DIRECTIONS FOR THIS TASK: Provide again, from the entries below, every line from the one containing "Section TypeFacts." through the one containing "Lemma type_Imp_pos a", exactly as written, and no other line.

──────── DATA SECTION ────────

(* Let $\Sigma\subseteq\Delta\subseteq\mathcal L_{\Diamond\forall}$ with $\Sigma$ finite and both closed under subformulas. Let $\mathfrak W=(W,\preccurlyeq_W,\ell_W)$ be a finite $\Sigma$-labelled frame and $\mathfrak X=(X,\preccurlyeq_X,\ell_X)$ a $\Delta$-labelled frame, and let $w\in W$, $x\in X$. Then: (1) if $\mathrm{Sim}(w)\in\ell_X^-(x)$, then there is $y\succcurlyeq_X x$ such that $(\mathfrak W,w)\rightharpoonup(\mathfrak X,y)$; (2) if there is $y\succcurlyeq_X x$ such that $(\mathfrak W,w)\rightharpoonup(\mathfrak X,y)$, then $\mathrm{Sim}(w)\notin\ell_X^+(x)$.
   Context: $\mathcal L_{\Diamond\forall}$: formulas $\varphi::=\bot\mid p\mid\varphi\wedge\varphi\mid\varphi\vee\varphi\mid\varphi\to\varphi\mid\circ\varphi\mid\Diamond\varphi\mid\forall\varphi$, $p$ ranging over propositional variables; $\top:=\bot\to\bot$, $\bigwedge\varnothing=\top$, $\bigvee\varnothing=\bot$. For $\Sigma$ closed under subformulas, a (two-sided) $\Sigma$-type is a pair $\Phi=(\Phi^+,\Phi^-)$ of finite subsets of $\Sigma$ such that: (1) $\Phi^-\cap\Phi^+=\varnothing$; (2) $\bot\notin\Phi^+$; (3) $\varphi\wedge\psi\in\Phi^+\Rightarrow\varphi,\psi\in\Phi^+$; (4) $\varphi\wedge\psi\in\Phi^-\Rightarrow\varphi\in\Phi^-$ or $\psi\in\Phi^-$; (5) $\varphi\vee\psi\in\Phi^+\Rightarrow\varphi\in\Phi^+$ or $\psi\in\Phi^+$; (6) $\varphi\vee\psi\in\Phi^-\Rightarrow\varphi,\psi\in\Phi^-$; (7) $\varphi\to\psi\in\Phi^+\Rightarrow\varphi\in\Phi^-$ or $\psi\in\Phi^+$; (8) $\varphi\to\psi\in\Phi^-\Rightarrow\psi\in\Phi^-$; (9) $\Diamond\varphi\in\Phi^-\Rightarrow\varphi\in\Phi^-$. Write $\Phi\preccurlyeq_T\Psi$ if $\Phi^+\subseteq\Psi^+$ and $\Psi^-\subseteq\Phi^-$, and $\Phi\subseteq_T\Psi$ if $\Phi^+\subseteq\Psi^+$ and $\Phi^-\subseteq\Psi^-$. A $\Sigma$-labelled frame is $(W,\preccurlyeq,\ell)$ with $\preccurlyeq$ a partial order on $W$ and $\ell$ mapping each $w$ to a $\Sigma$-type $\ell(w)=(\ell^+(w),\ell^-(w))$ such that $w\preccurlyeq v$ implies $\ell(w)\preccurlyeq_T\ell(v)$, and whenever $\varphi\to\psi\in\ell^-(w)$ there is $v\succcurlyeq w$ with $\varphi\in\ell^+(v)$ and $\psi\in\ell^-(v)$. A simulation from a $\Sigma$-labelled frame $\mathfrak W$ to a $\Delta$-labelled frame $\mathfrak X$ is a relation $E\subseteq W\times X$ that is forward confluent (if $w\mathrel E y$ and $w\preccurlyeq w'$ then there is $y'\succcurlyeq y$ with $w'\mathrel E y'$) and such that $w\mathrel Ey$ implies $\ell_W(w)\subseteq_T\ell_X(y)$; $(\mathfrak W,w)\rightharpoonup(\mathfrak X,y)$ means some simulation $E$ has $w\mathrel Ey$. For finite $\mathfrak W$, $\mathrm{Sim}(w)$ is defined by backward induction on $\preccurlyeq_W$: $\mathrm{Sim}(w)=\bigwedge\ell_W^+(w)\to\bigvee\ell_W^-(w)\vee\bigvee_{v\succ w}\mathrm{Sim}(v)$, where $v\succ w$ means $w\preccurlyeq v$ and $v\neq w$. *)

From mathcomp Require Import all_boot.
From Stdlib Require List.
Set Implicit Arguments. Unset Strict Implicit. Unset Printing Implicit Defensive.

Inductive formula : Type :=
  | Bot : formula
  | Var : nat -> formula
  | And : formula -> formula -> formula
  | Or  : formula -> formula -> formula
  | Imp : formula -> formula -> formula
  | Next : formula -> formula
  | Dia : formula -> formula
  | All : formula -> formula.

Definition Top : formula := Imp Bot Bot.

Fixpoint bigwedge (s : seq formula) : formula :=
  match s with
  | [::] => Top
  | [:: a] => a
  | a :: s' => And a (bigwedge s')
  end.

Fixpoint bigvee (s : seq formula) : formula :=
  match s with
  | [::] => Bot
  | [:: a] => a
  | a :: s' => Or a (bigvee s')
  end.

Definition subformula_closed (S : formula -> Prop) : Prop :=
  forall f, S f ->
    match f with
    | And a b | Or a b | Imp a b => S a /\ S b
    | Next a | Dia a | All a => S a
    | _ => True
    end.

Definition finite_fset (S : formula -> Prop) : Prop :=
  exists l : seq formula, forall f, S f <-> List.In f l.

(* A two-sided type: finite subsets (given as lists) (Phi+, Phi-) of S. *)
Definition ftype := (seq formula * seq formula)%type.

Definition is_type (S : formula -> Prop) (P : ftype) : Prop :=
  let (pos, neg) := P in
  (forall f, List.In f pos -> S f) /\
  (forall f, List.In f neg -> S f) /\
  (forall f, List.In f neg -> List.In f pos -> False) /\
  ~ List.In Bot pos /\
  (forall a b, List.In (And a b) pos -> List.In a pos /\ List.In b pos) /\
  (forall a b, List.In (And a b) neg -> List.In a neg \/ List.In b neg) /\
  (forall a b, List.In (Or a b) pos -> List.In a pos \/ List.In b pos) /\
  (forall a b, List.In (Or a b) neg -> List.In a neg /\ List.In b neg) /\
  (forall a b, List.In (Imp a b) pos -> List.In a neg \/ List.In b pos) /\
  (forall a b, List.In (Imp a b) neg -> List.In b neg) /\
  (forall a, List.In (Dia a) neg -> List.In a neg).

Definition type_le (P Q : ftype) : Prop :=
  (forall f, List.In f P.1 -> List.In f Q.1) /\
  (forall f, List.In f Q.2 -> List.In f P.2).

Definition type_sub (P Q : ftype) : Prop :=
  (forall f, List.In f P.1 -> List.In f Q.1) /\
  (forall f, List.In f P.2 -> List.In f Q.2).

Definition partial_order (T : Type) (le : T -> T -> Prop) : Prop :=
  (forall x, le x x) /\
  (forall x y z, le x y -> le y z -> le x z) /\
  (forall x y, le x y -> le y x -> x = y).

Definition labelled_frame (S : formula -> Prop) (T : Type)
    (le : T -> T -> Prop) (lab : T -> ftype) : Prop :=
  partial_order le /\
  (forall w, is_type S (lab w)) /\
  (forall w v, le w v -> type_le (lab w) (lab v)) /\
  (forall w a b, List.In (Imp a b) (lab w).2 ->
     exists v, le w v /\ List.In a (lab v).1 /\ List.In b (lab v).2).

Definition simulation (W X : Type) (leW : W -> W -> Prop) (labW : W -> ftype)
    (leX : X -> X -> Prop) (labX : X -> ftype) (E : W -> X -> Prop) : Prop :=
  (forall w y w', E w y -> leW w w' -> exists y', leX y y' /\ E w' y') /\
  (forall w y, E w y -> type_sub (labW w) (labX y)).

Definition simulates (W X : Type) (leW : W -> W -> Prop) (labW : W -> ftype)
    (leX : X -> X -> Prop) (labX : X -> ftype) (w : W) (y : X) : Prop :=
  exists E, simulation leW labW leX labX E /\ E w y.

(* Sim(w), by backward induction on a finite poset, implemented with fuel
   #|W| (which exceeds the length of any strict chain). *)
Fixpoint Sim_fuel (W : finType) (leW : rel W) (labW : W -> ftype)
    (n : nat) (w : W) : formula :=
  match n with
  | 0 => Bot
  | n'.+1 =>
      Imp (bigwedge (labW w).1)
          (Or (bigvee (labW w).2)
              (bigvee [seq Sim_fuel leW labW n' v
                      | v <- enum W & leW w v && (v != w)]))
  end.

Definition Sim (W : finType) (leW : rel W) (labW : W -> ftype) (w : W)
  : formula := Sim_fuel leW labW #|W| w.

From mathcomp Require Import all_boot.
From Stdlib Require List.
Import List (In).
Set Implicit Arguments.
Unset Strict Implicit.
Unset Printing Implicit Defensive.

(* Refuting [Sim w = /\ l+(w) -> \/ l-(w) \/ \/_{v > w} Sim v] at x yields
   y >= x where the label of w holds and every [Sim v], v > w, is refuted;
   by induction on the size of the up-set of w each such v is simulated at
   some point above y, and adding the pair (w, y) to the union of all
   simulations gives a simulation.  Conversely, if w is simulated at y >= x
   and [Sim w] held at x, it would hold at y, so either a conjunct of l+(w)
   fails at y, or a formula of l-(w) holds at y, or [Sim v] holds at y for
   some v > w; the first two contradict l(w) <=_T l(y) and the third
   contradicts the induction hypothesis at the point simulating v. *)

Section TypeFacts.

Variables (S : formula -> Prop) (P : ftype).
Hypothesis typeP : is_type S P.

Lemma type_disjoint f : In f P.2 -> In f P.1 -> False.
Proof. by case: P typeP => pos neg [_ [_ [H _]]]; exact: H. Qed.

Lemma type_Bot_not_pos : ~ In Bot P.1.
Proof. by case: P typeP => pos neg [_ [_ [_ [H _]]]]. Qed.

Lemma type_And_pos a b : In (And a b) P.1 -> In a P.1 /\ In b P.1.
Proof. by case: P typeP => pos neg [_ [_ [_ [_ [H _]]]]]; exact: H. Qed.

Lemma type_And_neg a b : In (And a b) P.2 -> In a P.2 \/ In b P.2.
Proof. by case: P typeP => pos neg [_ [_ [_ [_ [_ [H _]]]]]]; exact: H. Qed.

Lemma type_Or_pos a b : In (Or a b) P.1 -> In a P.1 \/ In b P.1.
Proof. by case: P typeP => pos neg [_ [_ [_ [_ [_ [_ [H _]]]]]]]; exact: H. Qed.

Lemma type_Or_neg a b : In (Or a b) P.2 -> In a P.2 /\ In b P.2.
Proof. by case: P typeP => pos neg [_ [_ [_ [_ [_ [_ [_ [H _]]]]]]]]; exact: H. Qed.

Lemma type_Imp_pos a b : In (Imp a b) P.1 -> In a P.2 \/ In b P.1.
Proof. by case: P typeP => pos neg [_ [_ [_ [_ [_ [_ [_ [_ [H _]]]]]]]]]; exact: H. Qed.

Lemma type_bigwedge_pos s : In (bigwedge s) P.1 -> forall a, In a s -> In a P.1.
Proof.
elim: s => [|a [|b s] IH] //= Hs c; first by case=> [<-|[]].
by case/type_And_pos: Hs => Ha Hs [<-|Hc] //; apply: IH.
Qed.

Lemma type_bigvee_neg s : In (bigvee s) P.2 -> forall a, In a s -> In a P.2.
Proof.
elim: s => [|a [|b s] IH] //= Hs c; first by case=> [<-|[]].
by case/type_Or_neg: Hs => Ha Hs [<-|Hc] //; apply: IH.
Qed.

Lemma type_bigvee_pos s : In (bigvee s) P.1 -> exists2 a, In a s & In a P.1.
Proof.
elim: s => [|a [|b s] IH] /=; first by move/type_Bot_not_pos.
  by exists a; first left.
case/type_Or_pos => [Ha|/IH [c Hc Hc']]; first by exists a; first left.
by exists c; first right.
Qed.

Lemma type_bigwedge_neg s :
  ~ In Top P.2 -> (forall a, In a s -> In a P.1) -> ~ In (bigwedge s) P.2.
Proof.
move=> Htop; elim: s => [|a [|b s] IH] //= Hs.
  by move=> Ha; apply: type_disjoint Ha _; apply: Hs; left.
case/type_And_neg => [Ha|]; first by apply: type_disjoint Ha _; apply: Hs; left.
by apply: IH => c Hc; apply: Hs; right.
Qed.

End TypeFacts.

Lemma frame_Top_not_neg S T (le : T -> T -> Prop) lab t :
  labelled_frame S le lab -> ~ In Top (lab t).2.
Proof.
move=> [_ [Hty [_ Himp]]] /Himp [u [_ [Hbot _]]].
exact: type_Bot_not_pos (Hty u) Hbot.
Qed.

Section Simulations.

Variables (W : eqType) (X : Type) (leW : W -> W -> Prop) (labW : W -> ftype).
Variables (leX : X -> X -> Prop) (labX : X -> ftype).

Local Notation sim := (simulates leW labW leX labX).

Lemma simulates_type_sub w y : sim w y -> type_sub (labW w) (labX y).
Proof. by case=> E [[_ Elab] Ewy]; apply: Elab. Qed.

Lemma simulates_forward w y w' :
  sim w y -> leW w w' -> exists2 y', leX y y' & sim w' y'.
Proof.
case=> E [[Efwd Elab] Ewy] /(Efwd _ _ _ Ewy) [y' [Hyy' Ey']].
by exists y'; last by exists E.
Qed.

(* The witnessing relation is the union of all simulations and {(w, y)}. *)
Lemma simulates_intro w y :
  leX y y -> type_sub (labW w) (labX y) ->
  (forall w', leW w w' -> w' != w -> exists2 y', leX y y' & sim w' y') ->
  sim w y.
Proof.
move=> Hyy Hsub Hsucc; exists (fun a b => (a = w /\ b = y) \/ sim a b).
split; last by left.
split=> [a b a' [[-> ->]|Hab] Haa'|a b [[-> ->]|/simulates_type_sub] //].
- have [->|Hne] := eqVneq a' w; first by exists y; split=> //; left.
  by have [y' Hyy' Hy'] := Hsucc _ Haa' Hne; exists y'; split=> //; right.
- by have [b' Hbb' Hb'] := simulates_forward Hab Haa'; exists b'; split=> //; right.
Qed.

End Simulations.

Lemma In_map_filter (T : eqType) (A : Type) (g : T -> A) (p : pred T) s a :
  In a [seq g x | x <- s & p x] <-> exists2 x, (x \in s) && p x & a = g x.
Proof.
elim: s a => [|x s IH] a /=; first by split=> // -[].
case px: (p x) => /=.
- split=> [[<-|/IH [y /andP [Hy py] ->]]|[y]].
  + by exists x; rewrite ?inE ?eqxx ?px.
  + by exists y; rewrite ?inE ?Hy ?orbT.
  rewrite inE => /andP [/orP [/eqP ->|Hy] py] ->; first by left.
  by right; apply/IH; exists y; rewrite ?Hy.
- rewrite IH; split=> -[y /andP [Hy py] ->]; exists y => //.
    by rewrite inE Hy orbT.
  by move: Hy py; rewrite inE => /orP [/eqP ->|->]; rewrite ?px.
Qed.

Section FiniteFrame.

Variables (W : finType) (leW : rel W) (labW : W -> ftype).

Local Notation upset v := [pred u | leW v u].

Lemma card_upset_strict_lt :
  partial_order (fun a b => leW a b) ->
  forall v u, leW v u -> u != v -> #|upset u| < #|upset v|.
Proof.
move=> [le_refl [le_trans le_anti]] v u Hvu Huv.
apply: proper_card; apply/properP; split.
  by apply/subsetP => z; rewrite !inE; apply: le_trans.
exists v; rewrite !inE ?le_refl //; apply: contraNN Huv => Huv.
exact/eqP/le_anti.
Qed.

Lemma In_Sim_succs n v f :
  In f [seq Sim_fuel leW labW n u | u <- enum W & leW v u && (u != v)] ->
  exists2 u, leW v u && (u != v) & f = Sim_fuel leW labW n u.
Proof. by case/In_map_filter=> u; rewrite mem_enum => Hu ->; exists u. Qed.

Lemma Sim_succs_In n v u :
  leW v u -> u != v ->
  In (Sim_fuel leW labW n u)
     [seq Sim_fuel leW labW n u | u <- enum W & leW v u && (u != v)].
Proof. by move=> Hvu Huv; apply/In_map_filter; exists u; rewrite ?mem_enum ?Hvu. Qed.

Variables (Del : formula -> Prop) (X : Type) (leX : X -> X -> Prop) (labX : X -> ftype).
Hypothesis frameX : labelled_frame Del leX labX.

Local Notation sim := (simulates (fun a b => leW a b) labW leX labX).

Lemma Sim_fuel_neg_simulates n v x :
  partial_order (fun a b => leW a b) -> #|upset v| <= n ->
  In (Sim_fuel leW labW n v) (labX x).2 -> exists y, leX x y /\ sim v y.
Proof.
move=> orderW; have [le_refl _] := orderW.
have [[leX_refl _] [typeX [_ frameX_Imp]]] := frameX.
elim: n v x => [|n IH] v x Hcard.
  have Hv : v \in upset v by rewrite inE le_refl.
  by move: Hcard; rewrite leqn0 => /eqP/card0_eq/(_ v); rewrite Hv.
move=> /= /frameX_Imp [y [Hxy [Hpos /(type_Or_neg (typeX y)) [Hneg Hsuccs]]]].
exists y; split=> //; apply: simulates_intro; first exact: leX_refl.
  split=> f Hf; first exact: (type_bigwedge_pos (typeX y) Hpos Hf).
  exact: (type_bigvee_neg (typeX y) Hneg Hf).
move=> u Hvu Huv.
have Hu : In (Sim_fuel leW labW n u) (labX y).2.
  exact: (type_bigvee_neg (typeX y) Hsuccs (Sim_succs_In n Hvu Huv)).
have [y' [Hyy' Hy']] := IH u y (leq_trans (card_upset_strict_lt orderW Hvu Huv) Hcard) Hu.
by exists y'.
Qed.

(* Unlike the previous lemma, this needs no bound on the fuel. *)
Lemma simulates_Sim_fuel_not_pos n v y :
  sim v y -> ~ In (Sim_fuel leW labW n v) (labX y).1.
Proof.
have [_ [typeX [monX _]]] := frameX.
elim: n v y => [|n IH] v y Hsim /=; first exact: type_Bot_not_pos.
have [Hsub_pos Hsub_neg] := simulates_type_sub Hsim.
case/(type_Imp_pos (typeX y)) => [Hpos|/(type_Or_pos (typeX y)) [Hneg|Hsuccs]].
- exact: (type_bigwedge_neg (typeX y) (frame_Top_not_neg frameX) Hsub_pos Hpos).
- have [a Ha Ha'] := type_bigvee_pos (typeX y) Hneg.
  exact: (type_disjoint (typeX y) (Hsub_neg _ Ha) Ha').
- have [_ /In_Sim_succs [u /andP [Hvu _] ->] Hu] := type_bigvee_pos (typeX y) Hsuccs.
  have [y' Hyy' Hy'] := simulates_forward Hsim Hvu.
  exact: IH Hy' (proj1 (monX _ _ Hyy') _ Hu).
Qed.

End FiniteFrame.

Theorem proposition6p4
  (Sig Del : formula -> Prop)
  (HSD : forall f, Sig f -> Del f)
  (HSfin : finite_fset Sig)
  (HSclo : subformula_closed Sig)
  (HDclo : subformula_closed Del)
  (W : finType) (leW : rel W) (labW : W -> ftype)
  (HW : labelled_frame Sig (fun a b => leW a b) labW)
  (X : Type) (leX : X -> X -> Prop) (labX : X -> ftype)
  (HX : labelled_frame Del leX labX)
  (w : W) (x : X) :
  (List.In (Sim leW labW w) (labX x).2 ->
     exists y, leX x y /\ simulates (fun a b => leW a b) labW leX labX w y) /\
  ((exists y, leX x y /\ simulates (fun a b => leW a b) labW leX labX w y) ->
     ~ List.In (Sim leW labW w) (labX x).1).
Proof.
have [orderW _] := HW; have [_ [_ [monX _]]] := HX.
split; first exact: Sim_fuel_neg_simulates HX _ _ _ orderW (max_card _).
move=> [y [Hxy Hsim]] /(proj1 (monX _ _ Hxy)).
exact: simulates_Sim_fuel_not_pos HX _ _ _ Hsim.
Qed.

────────

EXERCISE RESULT:
Section TypeFacts.

Variables (S : formula -> Prop) (P : ftype).
Hypothesis typeP : is_type S P.

Lemma type_disjoint f : In f P.2 -> In f P.1 -> False.
Proof. by case: P typeP => pos neg [_ [_ [H _]]]; exact: H. Qed.

Lemma type_Bot_not_pos : ~ In Bot P.1.
Proof. by case: P typeP => pos neg [_ [_ [_ [H _]]]]. Qed.

Lemma type_And_pos a b : In (And a b) P.1 -> In a P.1 /\ In b P.1.
Proof. by case: P typeP => pos neg [_ [_ [_ [_ [H _]]]]]; exact: H. Qed.

Lemma type_And_neg a b : In (And a b) P.2 -> In a P.2 \/ In b P.2.
Proof. by case: P typeP => pos neg [_ [_ [_ [_ [_ [H _]]]]]]; exact: H. Qed.

Lemma type_Or_pos a b : In (Or a b) P.1 -> In a P.1 \/ In b P.1.
Proof. by case: P typeP => pos neg [_ [_ [_ [_ [_ [_ [H _]]]]]]]; exact: H. Qed.

Lemma type_Or_neg a b : In (Or a b) P.2 -> In a P.2 /\ In b P.2.
Proof. by case: P typeP => pos neg [_ [_ [_ [_ [_ [_ [_ [H _]]]]]]]]; exact: H. Qed.

Lemma type_Imp_pos a b : In (Imp a b) P.1 -> In a P.2 \/ In b P.1.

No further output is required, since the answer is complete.